For individuals living with Parkinson’s disease, maintaining functional independence in daily activities is not just essential for physical well-being but also for emotional and psychological health. This blog will discuss two main types of activity sheets designed to assist those with Parkinson’s.
Flow link sheets involve connecting identical numbers or colored dots, drawing inspiration from maze-like puzzles. This simple yet engaging activity demands a harmonious interaction between cognitive and motor domains. Based on research, mazes and puzzle-like activities can mimic complex day-to-day activities that demand planning, problem-solving, attention, and visuospatial skills, all of which can be affected in Parkinson’s.
What You Need:
- Flow link sheets with varying degrees of complexity.
- A writing instrument, preferably with a non-slip grip or a larger size for easy holding.
How to Use Flow Link Sheets:
- Begin by identifying pairs of identical dots or numbers.
- Connect each pair using continuous lines, ensuring they don’t intersect with other lines.
- Only horizontal or vertical connections are allowed.
- Aim to complete the puzzle efficiently, minimizing the number of moves.
- Cognitive Engagement: Mazes are complex tasks requiring visual-motor planning and problem-solving abilities. Solving these tasks necessitates attention, visuospatial and executive functions like planning and problem solving.
- Motor Skill Enhancement: Drawing paths or flows on these sheets not only engages cognitive processes but also the visuomotor functions, which are critical for everyday activities.
Parkinson’s often leads to a phenomenon called micrographia – a condition where handwriting becomes progressively smaller and more cramped.
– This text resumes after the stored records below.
(* Let $n\geq3$ and let $V$ be a finite dimensional positively graded vector space such that $V^k=0$ for $k<\frac13 n$ or $k>\frac23 n-1$. Then every graph $\Gamma\in\mathbf{HGC}_{V,n}$ with at least one vertex has cohomological degree $|\Gamma|\leq0$.
   Context: Put $V_1=\mathbb{Q}1\oplus V$ with $|1|=0$. The graphs spanning $\mathbf{HGC}_{V,n}$ are connected graphs with internal vertices (here called vertices) and hairs (edges with one free end), in which each vertex carries a (possibly empty) monomial of decorations from $V^*$ (an element $\alpha\in(V^k)^*$ having degree $-k$), each hair carries one decoration from $V_1$, and each vertex is at least trivalent where every $V^*$-decoration at it counts $+1$ to its valence (i.e. if $v$ is the number of vertices, $e$ the number of edges including hairs, $h$ the number of hairs and $u$ the number of $V^*$-decorations, then $3v+h\le 2e+u$). The cohomological degree of such a graph is $|\Gamma|=nv-(n-1)e+d+D$, where $d$ is the total degree of the $V^*$-decorations and $D$ the total degree of the hair decorations in $V_1$. (The edgeless elements and the single edge with two hair ends have no vertex.) *)

From mathcomp Require Import all_boot all_order all_algebra.
Set Implicit Arguments. Unset Strict Implicit. Unset Printing Implicit Defensive.

(* A finite dimensional graded vector space V is represented by its
   dimension function: dimV k = dim V^k (k : nat; negative degrees are
   absent, which is harmless since V is required to be positively graded).
   A homogeneous basis element of V (resp. of the dual V^* ) of degree k is
   a pair (k, i) with i : 'I_(dimV k). *)
Definition basis_elt (dimV : nat -> nat) := {k : nat & 'I_(dimV k)}.
Definition bdeg (dimV : nat -> nat) (b : basis_elt dimV) : nat := projT1 b.

(* A basis graph spanning HGC_{V,n} that has at least one vertex:
   - vertices are 'I_nv, nv >= 1;
   - internal edges: a list of (unordered, stored as ordered) pairs of vertices
     (multiple edges / loops allowed);
   - hairs: a list of (attachment vertex, decoration in V_1 = Q1 (+) V),
     decoration None = 1 (degree 0), Some b = basis element b of V;
   - each vertex carries a (possibly empty) monomial of basis elements of V^*
     (an element of (V^k)^* has degree -k). *)
Record hgraph (dimV : nat -> nat) := HGraph {
  nv : nat;
  gedges : seq ('I_nv * 'I_nv);
  ghairs : seq ('I_nv * option (basis_elt dimV));
  gdecos : 'I_nv -> seq (basis_elt dimV)
}.
Arguments nv {dimV} h.
Arguments gedges {dimV} h.
Arguments ghairs {dimV} h.
Arguments gdecos {dimV} h _.

Section Graphs.
Variables (dimV : nat -> nat) (G : hgraph dimV).

Definition adj : rel 'I_(nv G) :=
  fun x y => ((x, y) \in gedges G) || ((y, x) \in gedges G).

Definition gconnected : Prop := forall x y : 'I_(nv G), connect adj x y.

Definition valence (x : 'I_(nv G)) : nat :=
  count (fun e => e.1 == x) (gedges G) + count (fun e => e.2 == x) (gedges G)
  + count (fun h => h.1 == x) (ghairs G) + size (gdecos G x).

Definition at_least_trivalent : Prop := forall x, 3 <= valence x.

Definition nedges : nat := size (gedges G) + size (ghairs G).

Definition deco_deg : int :=
  - (\sum_(x < nv G) \sum_(b <- gdecos G x) (bdeg b)%:Z)%R.

Definition hair_deg : int :=
  (\sum_(h <- ghairs G) (match h.2 with None => 0%N | Some b => bdeg b end)%:Z)%R.

Definition gdegree (n : nat) : int :=
  (n%:Z * (nv G)%:Z - (n%:Z - 1) * (nedges)%:Z + deco_deg + hair_deg)%R.

End Graphs.

From mathcomp Require Import all_boot all_order all_algebra zify.
Import Order.TTheory GRing.Theory Num.Theory.

(* Counting edge ends, hairs and decorations over all vertices, trivalence
   gives 3v <= 2E + h + u, where E is the number of internal edges.  A
   V^*-decoration of degree -k has n <= 3k and a hair decoration of degree k
   has 3k <= 2n - 3, so
     3|Gamma| <= n(2E + h + u) - 3(n-1)(E + h) - nu + (2n-3)h = (3-n)E <= 0. *)

Lemma sum_count_eq_size (T : finType) (U : Type) (f : U -> T) (s : seq U) :
  \sum_(x : T) count (fun e => f e == x) s = size s.
Proof.
elim: s => [|a s IHs] /=; first by rewrite big1.
rewrite big_split /= IHs (bigD1 (f a)) //= eqxx big1 ?addn0 // => y /negbTE.
by rewrite eq_sym => ->.
Qed.

Lemma basis_elt_dim_gt0 (dimV : nat -> nat) (b : basis_elt dimV) :
  0 < dimV (bdeg b).
Proof. by case: b => k [i lt_i_dim]; apply: leq_ltn_trans lt_i_dim. Qed.

Section DegreeCount.
Context {dimV : nat -> nat} (G : hgraph dimV).

Definition ndecos : nat := \sum_(x < nv G) size (gdecos G x).

Definition deco_sum : nat := \sum_(x < nv G) \sum_(b <- gdecos G x) bdeg b.

Definition hair_sum : nat :=
  \sum_(h <- ghairs G) (if h.2 is Some b then bdeg b else 0).

Lemma sum_valence :
  \sum_(x < nv G) valence x = 2 * size (gedges G) + size (ghairs G) + ndecos.
Proof. by rewrite !big_split /= !sum_count_eq_size mul2n -addnn. Qed.

Lemma trivalent_vertex_bound :
  at_least_trivalent G ->
  3 * nv G <= 2 * size (gedges G) + size (ghairs G) + ndecos.
Proof.
move=> tri; rewrite -sum_valence mulnC -{1}[nv G]card_ord -sum_nat_const.
by apply: leq_sum => x _; apply: tri.
Qed.

Lemma ndecos_bound (a c : nat) :
  (forall b : basis_elt dimV, a <= c * bdeg b) -> a * ndecos <= c * deco_sum.
Proof.
move=> deg_lb; rewrite /ndecos /deco_sum !big_distrr /=; apply: leq_sum => x _.
elim: (gdecos G x) => [|b s IHs]; first by rewrite big_nil /= !muln0.
by rewrite big_cons /= mulnDr mulnS leq_add ?deg_lb.
Qed.

Lemma hair_sum_bound (a c : nat) :
  (forall b : basis_elt dimV, c * bdeg b <= a) ->
  c * hair_sum <= a * size (ghairs G).
Proof.
move=> deg_ub; rewrite /hair_sum big_distrr /= -sum1_size big_distrr /=.
by apply: leq_sum => -[x [b|]] _; rewrite /= ?muln0 // muln1.
Qed.

Lemma gdegreeE (n : nat) :
  gdegree G n = (n%:Z * (nv G)%:Z - (n%:Z - 1) * (nedges G)%:Z
                 - deco_sum%:Z + hair_sum%:Z)%R.
Proof.
rewrite /gdegree /deco_deg /hair_deg; congr (_ + - _ + _)%R.
  rewrite /deco_sum -natz natr_sum; apply: eq_bigr => x _.
  by rewrite natr_sum; apply: eq_bigr => b _; rewrite natz.
by rewrite /hair_sum -natz natr_sum; apply: eq_bigr => h _; rewrite natz.
Qed.

End DegreeCount.

Theorem lemma13p2 (n : nat) (dimV : nat -> nat)
  (hn : (3 <= n)%N)
  (hfin : exists N : nat, forall k, (N <= k)%N -> dimV k = 0%N)
  (hpos : dimV 0 = 0%N)
  (hconc : forall k : nat, dimV k <> 0%N -> (n <= 3 * k)%N /\ (3 * k <= 2 * n - 3)%N)
  (G : hgraph dimV)
  (hv : (1 <= nv G)%N)
  (hconn : gconnected G)
  (htri : at_least_trivalent G) :
  (gdegree G n <= 0)%R.
Proof.
have deg_bounds (b : basis_elt dimV) : n <= 3 * bdeg b /\ 3 * bdeg b <= 2 * n - 3.
  by apply: hconc; apply/eqP; rewrite -lt0n basis_elt_dim_gt0.
have tri := trivalent_vertex_bound G htri.
have decos := ndecos_bound G n 3 (fun b => (deg_bounds b).1).
have hairs := hair_sum_bound G (2 * n - 3) 3 (fun b => (deg_bounds b).2).
rewrite gdegreeE /nedges; nia.
Qed.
This is due to the rigidity and slowed movements associated with the disease. By consciously making an effort to write bigger, people living with Parkinson’s can counteract this tendency, ensuring that their writing remains legible and functional.
What You Need:
- Handwriting worksheets
- A pen with a comfortable grip.
- Engage in the air writing
- Rotate a small object within your hand or transfer it between fingers.
- Lift each finger individually or form an “O” shape by touching each finger to your thumb.
- Squeeze objects like Theraputty or stress balls.
How to Use Handwriting Worksheets
- Start by writing letters in the smallest box.
- Gradually move to larger boxes, consciously increasing the size of the handwriting.
- Ensure that the letters touch both the upper and lower boundaries of the provided space.
- Aim to fill the entire space between the lines as the gaps widen.
Motor skill challenges are common among those with Parkinson’s, but with the right tools and exercises, improvements are attainable. These activity sheets not only offer an avenue for skill development but also provide cognitive stimulation, making them an excellent resource for those affected by Parkinson’s.